I
related the story of my morning’s hunt and we worked up a plan for the evenings
hunt.
The cabin sat directly next to the stream that flowed through the property year round, the same stream that Barry and Jerry had watched a pig cross some mile or so downstream from the cabin site. The stream flowed away from the cabin site about a third of a mile, then swung to the left through a full 90 degrees and continued on.
As it happened, the pig I had scouted was uphill from that bend in the creek, the pig that Barry and Jerry had seen was downstream from there by a quarter mile or so.
We decided that the evening’s hunt plan would be to watch the water, one or both of those pigs would have to be coming down to water after a long hot day. I stationed myself near a game crossing of the creek between the cabin and the bend. Barry settled in just around the bend where he could glass the entire stream from bend downstream for a good half mile, and Jerry moved downstream a bit over a quarter mile and settled in where he could watch the main stream, and an empty stream bed that cut through a meadow.
I had slipped down into the stream bed which cut down about 8 feet from the valley floor. There, with my back to the cut bank, Snugged up leaning next to a Live Oak tree, I settled in for the evening. I pulled a bit of camouflage net out of my pack and hung it from the drooping oak branches in front of me. The netting helped to mask my feet and legs, which I often shift for comfort while sitting on hunts. Directly across from my hide was a narrow flat area along the stream covered in green grass and then a rising hillside.

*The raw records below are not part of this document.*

(* A (forward) solution on [0, +oo) of
     xi' = -(z + k + sigma (theta + z)^2) xi,   z' = xi^2.
   The functions are R -> R; only their values on [0,+oo) matter:
   the ODE holds at every t > 0 and the solution is right-continuous at 0. *)
Definition is_sol (theta k sigma : R) (xi z : R -> R) : Prop :=
  (forall t, 0 < t ->
     is_derive xi t (- (z t + k + sigma * (theta + z t) ^ 2) * xi t) /\
     is_derive z t (xi t ^ 2)) /\
  (forall eps, 0 < eps -> exists d, 0 < d /\
     forall t, 0 <= t < d -> Rabs (xi t - xi 0) < eps /\ Rabs (z t - z 0) < eps).

(* Forward completeness: from every initial condition there is a solution
   defined on the whole of [0,+oo) (the vector field is smooth, so
   solutions are unique and this says maximal solutions are global). *)
Definition forward_complete (theta k sigma : R) : Prop :=
  forall xi0 z0, exists xi z, is_sol theta k sigma xi z /\ xi 0 = xi0 /\ z 0 = z0.

Definition lagrange_stable (theta k sigma : R) : Prop :=
  forall xi z, is_sol theta k sigma xi z ->
    exists M, forall t, 0 <= t -> nrm2 (xi t) (z t) <= M.

Definition lyapunov_stable (theta k sigma : R) : Prop :=
  forall eps, 0 < eps -> exists delta, 0 < delta /\
    forall xi z, is_sol theta k sigma xi z -> nrm2 (xi 0) (z 0) < delta ->
      forall t, 0 <= t -> nrm2 (xi t) (z t) < eps.

Definition is_equilibrium (theta k sigma : R) (xi0 z0 : R) : Prop :=
  is_sol theta k sigma (fun _ => xi0) (fun _ => z0).

Definition output_stable (theta k sigma : R) : Prop :=
  forall eps, 0 < eps -> exists delta, 0 < delta /\
    forall xi z, is_sol theta k sigma xi z -> nrm2 (xi 0) (z 0) < delta ->
      forall t, 0 <= t -> Rabs (xi t) < eps.

Definition output_attractive (theta k sigma : R) : Prop :=
  forall xi z, is_sol theta k sigma xi z -> is_lim xi p_infty 0.

Definition GAOS (theta k sigma : R) : Prop :=
  output_stable theta k sigma /\ output_attractive theta k sigma.

(* The energy [V = xi^2/2 + F z], with [F z = z^2/2 + k z + sigma (theta + z)^3/3], is conserved along
   solutions, since [F'] is exactly the damping coefficient, while [z] is nondecreasing because
   [z' = xi^2].  [F] is coercive from the right and grows at rate at least [k/2] near the origin,
   which gives boundedness and stability.  Being monotone and bounded, [z] converges, so
   [xi^2 = 2 (V - F z)] converges too, and its limit must vanish or [z] would grow without bound.
   Existence reduces, through the energy, to the scalar equation [z' = 2 (V - F z)], solved by
   inverting [t = \int dz / (2 (V - F z))], which diverges at the first zero of the integrand's
   denominator.  For [sigma = 0], the orbits [xi = sech (t - T)], [z = tanh (t - T) - k] all start
   in the prescribed ball and satisfy [xi T = 1]. *)

From Stdlib Require Import Reals Lra Psatz ClassicalEpsilon Ranalysis5.
From Coquelicot Require Import Coquelicot.
Open Scope R_scope.

(** * Right continuity at the initial time and monotonicity *)

Definition right_cont0 (f : R -> R) : Prop :=
  forall eps, 0 < eps -> exists d, 0 < d /\ forall t, 0 <= t < d -> Rabs (f t - f 0) < eps.

Lemma continuity_pt_ball f x : continuity_pt f x ->
  forall eps, 0 < eps -> exists d, 0 < d /\ forall y, Rabs (y - x) < d -> Rabs (f y - f x) < eps.
Proof.
  intros Hf eps Heps; destruct (Hf eps Heps) as [d [Hd Hball]]; exists d; split; [exact Hd|].
  intros y Hy; destruct (Req_dec y x) as [->|Hyx].
  - rewrite Rminus_eq_0, Rabs_R0; exact Heps.
  - apply (Hball y); split; [split; [exact I|auto]|exact Hy].
Qed.

Lemma is_derive_continuity_pt (f : R -> R) x l : is_derive f x l -> continuity_pt f x.
Proof.
  intros Hf; apply derivable_continuous_pt; exists l; apply is_derive_Reals; exact Hf.
Qed.

Lemma continuity_pt_right_cont0 f : continuity_pt f 0 -> right_cont0 f.
Proof.
  intros Hf eps Heps; destruct (continuity_pt_ball _ _ Hf eps Heps) as [d [Hd Hball]].
  exists d; split; [exact Hd|]; intros t Ht; apply Hball.
  rewrite Rminus_0_r, Rabs_right; lra.
Qed.

Lemma right_cont0_comp f h : right_cont0 f -> continuity_pt h (f 0) -> right_cont0 (fun t => h (f t)).
Proof.
  intros Hf Hh eps Heps; destruct (continuity_pt_ball _ _ Hh eps Heps) as [d1 [Hd1 Hball]].
  destruct (Hf d1 Hd1) as [d [Hd Hnear]]; exists d; split; auto.
Qed.

Lemma right_cont0_plus f g : right_cont0 f -> right_cont0 g -> right_cont0 (fun t => f t + g t).
Proof.
  intros Hf Hg eps Heps.
  destruct (Hf (eps / 2)) as [d1 [Hd1 Hnear1]]; [lra|].
  destruct (Hg (eps / 2)) as [d2 [Hd2 Hnear2]]; [lra|].
  exists (Rmin d1 d2); split; [apply Rmin_pos; auto|]; intros t Ht.
  pose proof (Rmin_l d1 d2); pose proof (Rmin_r d1 d2).
  specialize (Hnear1 t ltac:(lra)); specialize (Hnear2 t ltac:(lra)).
  revert Hnear1 Hnear2; unfold Rabs; repeat destruct Rcase_abs; lra.
Qed.

Lemma right_cont0_le f c T : right_cont0 f -> 0 < T ->
  (forall t, 0 < t < T -> f t <= c) -> f 0 <= c.
Proof.
  intros Hf HT Hle; destruct (Rle_lt_dec (f 0) c) as [Hc|Hc]; [exact Hc|].
  destruct (Hf (f 0 - c)) as [d [Hd Hnear]]; [lra|].
  set (t := Rmin d T / 2).
  assert (0 < Rmin d T) by (apply Rmin_pos; auto).
  pose proof (Rmin_l d T); pose proof (Rmin_r d T).
  specialize (Hnear t ltac:(unfold t; lra)); specialize (Hle t ltac:(unfold t; lra)).
  revert Hnear; unfold Rabs; destruct Rcase_abs; lra.
Qed.

Lemma mvt_is_derive (f df : R -> R) a b : a < b ->
  (forall x, a <= x <= b -> continuity_pt f x) ->
  (forall x, a < x < b -> is_derive f x (df x)) ->
  exists c, a <= c <= b /\ f b - f a = df c * (b - a).
Proof.
  intros Hab Hcont Hder; destruct (MVT_gen f a b df) as [c [Hc Hmvt]];
    rewrite ?Rmin_left, ?Rmax_right in *; try lra; auto.
  exists c; auto.
Qed.

Lemma nondecreasing_of_derive_nonneg (f df : R -> R) :
  (forall t, 0 < t -> is_derive f t (df t)) -> (forall t, 0 < t -> 0 <= df t) ->
  right_cont0 f -> forall s t, 0 <= s <= t -> f s <= f t.
Proof.
  intros Hder Hpos Hf.
  assert (Hpos_le : forall s t, 0 < s -> s <= t -> f s <= f t).
  { intros s t Hs Hst; destruct (Req_dec s t) as [->|Hne]; [lra|].
    destruct (mvt_is_derive f df s t) as [c [Hc Hmvt]]; try lra.
    - intros x Hx; apply (is_derive_continuity_pt _ _ (df x)), Hder; lra.
    - intros x Hx; apply Hder; lra.
    - pose proof (Hpos c ltac:(lra)); nra. }
  intros s t [Hs Hst]; destruct (Req_dec s 0) as [->|Hs0]; [|apply Hpos_le; lra].
  destruct (Req_dec t 0) as [->|Ht0]; [lra|].
  apply (right_cont0_le _ _ t); auto; [lra|]; intros u Hu; apply Hpos_le; lra.
Qed.

Lemma const_of_derive_zero (f : R -> R) : (forall t, 0 < t -> is_derive f t 0) -> right_cont0 f ->
  forall t, 0 <= t -> f t = f 0.
Proof.
  intros Hder Hf t Ht; apply Rle_antisym.
  - assert (Hopp : - f 0 <= - f t); [|lra].
    apply (nondecreasing_of_derive_nonneg (fun t => - f t) (fun _ => 0)).
    + intros u Hu; pose proof (is_derive_opp f u 0 (Hder u Hu)) as Hopp.
      replace 0 with (opp (0 : R)) by apply Ropp_0; exact Hopp.
    + intros; lra.
    + refine (right_cont0_comp f (fun x => - x) Hf _).
      apply (is_derive_continuity_pt _ _ (-1)); auto_derive; auto.
    + lra.
  - apply (nondecreasing_of_derive_nonneg f (fun _ => 0)); [exact Hder|intros; lra|exact Hf|lra].
Qed.

(** * Scalar autonomous equations, by inverting a primitive *)

Section PrimitiveInverse.

Variables (G f : R -> R) (c z0 b : R).
Hypothesis Hcz0 : c < z0.
Hypothesis Hz0b : z0 < b.
Hypothesis G_derive : forall w, c < w < b -> is_derive G w (f w).
Hypothesis f_pos : forall w, c < w < b -> 0 < f w.
Hypothesis G_z0 : G z0 = 0.
Hypothesis G_unbounded : forall t, exists w, z0 <= w < b /\ t < G w.

Lemma prim_continuous w : c < w < b -> continuity_pt G w.
Proof. intros Hw; exact (is_derive_continuity_pt _ _ _ (G_derive w Hw)). Qed.

Lemma prim_increasing u v : c < u -> u < v -> v < b -> G u < G v.
Proof.
  intros Hu Huv Hv; destruct (mvt_is_derive G f u v) as [x [Hx Hmvt]]; [lra| | |].
  - intros x Hx; apply prim_continuous; lra.
  - intros x Hx; apply G_derive; lra.
  - pose proof (f_pos x ltac:(lra)); nra.
Qed.

Lemma prim_onto t : 0 <= t -> exists w, z0 <= w < b /\ G w = t.
Proof.
  intros Ht; destruct (Req_dec t 0) as [->|Ht0]; [exists z0; split; [lra|exact G_z0]|].
  destruct (G_unbounded t) as [w1 [Hw1 Htw1]].
  assert (Hzw1 : z0 < w1) by (destruct (Req_dec z0 w1) as [<-|]; lra).
  destruct (IVT_interv (fun w => G w - t) z0 w1) as [w [Hw Hroot]]; [| |lra|lra|].
  - intros a Ha; apply continuity_pt_minus; [apply prim_continuous; lra|].
    apply continuity_pt_const; intros ? ?; reflexivity.
  - exact Hzw1.
  - exists w; split; [lra|simpl in Hroot; lra].
Qed.

Definition prim_inv (t : R) : R := epsilon (inhabits z0) (fun w => z0 <= w < b /\ G w = t).

Lemma prim_inv_spec t : 0 <= t -> z0 <= prim_inv t < b /\ G (prim_inv t) = t.
Proof. intros Ht; unfold prim_inv; apply epsilon_spec, prim_onto, Ht. Qed.

Lemma prim_inv_le s t : 0 <= s <= t -> prim_inv s <= prim_inv t.
Proof.
  intros Hst; destruct (prim_inv_spec s ltac:(lra)) as [Hs HGs].
  destruct (prim_inv_spec t ltac:(lra)) as [Ht HGt].
  apply Rnot_lt_le; intros Hlt.
  pose proof (prim_increasing (prim_inv t) (prim_inv s) ltac:(lra) Hlt ltac:(lra)); lra.
Qed.

Lemma prim_inv_0 : prim_inv 0 = z0.
Proof.
  destruct (prim_inv_spec 0 (Rle_refl 0)) as [H0 HG0].
  destruct (Req_dec (prim_inv 0) z0) as [|Hne]; [assumption|].
  pose proof (prim_increasing z0 (prim_inv 0) Hcz0 ltac:(lra) ltac:(lra)); lra.
Qed.

Lemma prim_inv_continuous t : 0 < t -> continuity_pt prim_inv t.
Proof.
  intros Ht; set (ub := prim_inv (t + 1)).
  destruct (prim_inv_spec (t + 1) ltac:(lra)) as [Hub HGub]; fold ub in Hub, HGub.
  assert (Hz0ub : z0 < ub) by (destruct (Req_dec z0 ub) as [E|]; [rewrite <- E in HGub|]; lra).
  apply (continuity_pt_recip_interv G prim_inv z0 ub Hz0ub).
  - intros x y Hx Hxy Hy; apply prim_increasing; lra.
  - intros x Hx Hxub; rewrite G_z0 in Hx; apply prim_inv_spec, Hx.
  - intros x Hx Hxub; rewrite G_z0 in Hx; rewrite HGub in Hxub.
    split; [apply prim_inv_spec, Hx|apply prim_inv_le; lra].
  - intros a Ha; apply prim_continuous; lra.
  - rewrite G_z0, HGub; lra.
Qed.

Lemma prim_inv_derive t : 0 < t -> is_derive prim_inv t (/ f (prim_inv t)).
Proof.
  intros Ht.
  destruct (prim_inv_spec t ltac:(lra)) as [Hw HGw].
  destruct (prim_inv_spec (t / 2) ltac:(lra)) as [Hlb _].
  destruct (prim_inv_spec (t + 1) ltac:(lra)) as [Hub _].
  assert (Hder : forall a, prim_inv (t / 2) <= a <= prim_inv (t + 1) -> derivable_pt G a).
  { intros a Ha; exists (f a); apply is_derive_Reals, G_derive; lra. }
  assert (Hmono : prim_inv (t / 2) <= prim_inv t <= prim_inv (t + 1))
    by (split; apply prim_inv_le; lra).
  assert (HGinv : forall x, t / 2 <= x <= t + 1 -> comp G prim_inv x = id x)
    by (intros x Hx; unfold comp, id; apply prim_inv_spec; lra).
  assert (Hderiv : derive_pt G (prim_inv t) (Hder (prim_inv t) Hmono) = f (prim_inv t))
    by (apply derive_pt_eq_0, is_derive_Reals, G_derive; lra).
  pose proof (f_pos (prim_inv t) ltac:(lra)) as Hf.
  pose proof (derivable_pt_lim_recip_interv G prim_inv (t / 2) (t + 1) t Hder
    (prim_inv_continuous t Ht) ltac:(lra) ltac:(lra) Hmono HGinv
    ltac:(rewrite Hderiv; lra)) as Hlim.
  rewrite Hderiv in Hlim; apply is_derive_Reals.
  replace (/ f (prim_inv t)) with (1 / f (prim_inv t)) by (field; lra); exact Hlim.
Qed.

Lemma prim_inv_right_cont0 : right_cont0 prim_inv.
Proof.
  intros eps Heps; pose proof (Rmin_l (z0 + eps / 2) ((z0 + b) / 2)).
  pose proof (Rmin_r (z0 + eps / 2) ((z0 + b) / 2)).
  set (w := Rmin (z0 + eps / 2) ((z0 + b) / 2)) in *.
  assert (z0 < w) by (apply Rmin_glb_lt; lra).
  exists (G w); split; [rewrite <- G_z0; apply prim_increasing; lra|]; intros t Ht.
  destruct (prim_inv_spec t ltac:(lra)) as [Hinv HGinv].
  assert (prim_inv t < w).
  { apply Rnot_le_lt; intros Hle; destruct (Req_dec w (prim_inv t)) as [E|]; [rewrite <- E in HGinv; lra|].
    pose proof (prim_increasing w (prim_inv t) ltac:(lra) ltac:(lra) ltac:(lra)); lra. }
  rewrite prim_inv_0, Rabs_right; lra.
Qed.

End PrimitiveInverse.

Lemma is_derive_RInt_open (f : R -> R) c b a w : c < a < b ->
  (forall u, c < u < b -> continuity_pt f u) -> c < w < b ->
  is_derive (fun w => RInt f a w) w (f w).
Proof.
  intros Ha Hf Hw; apply (is_derive_RInt f _ a w).
  - pose proof (Rmin_l (w - c) (b - w)); pose proof (Rmin_r (w - c) (b - w)).
    assert (Hr : 0 < Rmin (w - c) (b - w)) by (apply Rmin_pos; lra).
    exists (mkposreal _ Hr); intros y Hy; change (Rabs (y - w) < Rmin (w - c) (b - w)) in Hy.
    apply Rabs_def2 in Hy.
    apply (RInt_correct (V := R_CompleteNormedModule)), (ex_RInt_continuous (V := R_CompleteNormedModule)).
    intros x Hx; apply continuity_pt_filterlim, Hf.
    pose proof (Rmin_l a y); pose proof (Rmin_r a y); pose proof (Rmax_l a y); pose proof (Rmax_r a y).
    split; [apply Rlt_le_trans with (Rmin a y); [apply Rmin_glb_lt|]|
            apply Rle_lt_trans with (Rmax a y); [|apply Rmax_lub_lt]]; lra.
  - apply continuity_pt_filterlim, Hf, Hw.
Qed.

(* [G - ln (b - w) / L] is nondecreasing, and [- ln (b - w)] blows up as [w] tends to [b]. *)
Lemma unbounded_of_derive_ge_inv_dist (G f : R -> R) c z0 b L : c < z0 < b -> 0 < L ->
  (forall w, c < w < b -> is_derive G w (f w)) ->
  (forall w, z0 <= w < b -> / (L * (b - w)) <= f w) ->
  forall t, exists w, z0 <= w < b /\ G z0 + t < G w.
Proof.
  intros Hz0 HL HG Hf t.
  set (H w := G w + ln (b - w) / L).
  assert (HH : forall w, c < w < b -> is_derive H w (f w - / (L * (b - w)))).
  { intros w Hw; unfold H; apply (is_derive_plus G (fun w => ln (b - w) / L)); [exact (HG w Hw)|].
    auto_derive; [lra|field; split; lra]. }
  assert (Hmono : forall w, z0 <= w < b -> H z0 <= H w).
  { intros w Hw; destruct (Req_dec z0 w) as [->|Hne]; [lra|].
    destruct (mvt_is_derive H (fun w => f w - / (L * (b - w))) z0 w) as [x [Hx Hmvt]]; [lra| | |].
    - intros x Hx; apply (is_derive_continuity_pt _ _ _ (HH x ltac:(lra))).
    - intros x Hx; apply HH; lra.
    - pose proof (Hf x ltac:(lra)); nra. }
  set (e := exp (- (L * (Rabs t + 1)))); pose proof (Rabs_pos t); pose proof (Rle_abs t).
  assert (He : 0 < e) by apply exp_pos.
  assert (He1 : e < 1) by (rewrite <- exp_0; apply exp_increasing; nra).
  exists (b - (b - z0) * e); split; [split; nra|].
  specialize (Hmono (b - (b - z0) * e) ltac:(split; nra)); unfold H in Hmono.
  replace (b - (b - (b - z0) * e)) with ((b - z0) * e) in Hmono by ring.
  rewrite ln_mult in Hmono by lra; unfold e in Hmono; rewrite ln_exp in Hmono; fold e in Hmono.
  replace ((ln (b - z0) + - (L * (Rabs t + 1))) / L) with (ln (b - z0) / L - (Rabs t + 1))
    in Hmono by (field; lra).
  lra.
Qed.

Settled in and waiting quietly, as the temperatures began to drop out of triple digits the land around me began to stir. Sparrows and blue jays cruised through the skies, often dropping onto a rock in the creek to stop and drink, then back on the wing. A couple of ground squirrels began a sweep of the bank on the opposite side of the creek, nuzzling here and there among the dry grasses and dead tree limbs seeking their evening meal.
I had been in place about 30 minutes when the same cow elk I had seen earlier in the day stepped up to the edge of the cut bank about 30 feet to my left. She stood for a minute, scanning the stream bed and the air currents for any signs of danger. She slowly walked down the trail and forward until her front hooves just slipped into the edge of the stream itself. There again, she stood still, nose flaring, right eye roving, searching the area around her.
After assuring herself all was safe, she “mewed” and the calf I had seen earlier came tripping over the cut bank and down into the stream bed.
For 20 minutes I was able to sit quietly and watch the cow and her calf drink, then wade the stream, browse the grasses on the far side, drink again, and then move off up the game trail on the far side of the stream from me. All in all, she and her calf had passed within 30 feet of my hide, and then spent 20 minutes drinking and eating ranging from 30 to 75 feet away from me. A treasured memory I will hold all my days.
After the elk left, the evening continued to drift towards dark. Little was happening in front of me until about 20 minutes after the elk had moved on when I heard a single rifle shot from down around the bend.
It turns out, that at about the time that the cow was gathering up her calf and moving up the trail opposite me, the pig that Barry and Jerry had seen earlier in the day was drifting down off of the hillside down towards water.
Barry had spotted the pig coming down off of the slope opposite and downstream of him roughly half way between his position and Jerry’s position. Knowing that pigs have fairly poor long distance eyesight, and having the wind in his favor, Barry predicted where the pig was going to cross the stream and began to move down to be in position for a close up shot. His plan was to let the pig cross the creek, climb the near side bank, and shoot it just as it stepped onto the dirt road, thus making game recovery a simple matter of driving up to the downed pig and lifting it into the pickup.
Barry successfully slipped down the road, positioned himself behind a large oak tree, and settled in to watch the pig that has moved by now down to the water’s edge and is drinking.
Jerry noticed the pig just as it reached the far bank and began to drink.
Jerry knew the importance of harvesting that pig, and was excited that the hunt was going to be successful. He was hunting with my 7mm Mauser and lined the cross hairs up on the pig’s side, right where the heart should be. Just as he was taking up pressure on the trigger, he remembered that the Mauser was sighted high at the range the pig was, dropped the cross hairs 4” and promptly put a round right through the pigs heart.
The pig dropped instantly, falling directly into the stream just off of the far bank.
By the time I walked back to the cabin and drove the truck down, Barry had stripped down to his shorts, wadded the stream, tied on the pig, and he and Jerry had hauled the pig across to the near bank. We carried the pig up to the road, into the truck, and back to the cabin for skinning.
That was the most pleasant skinning job I have ever done. There is nothing quite so nice as skinning a clean pig that all the fleas, ticks, and other vermin have abandoned while it was being drug through a cold water bath.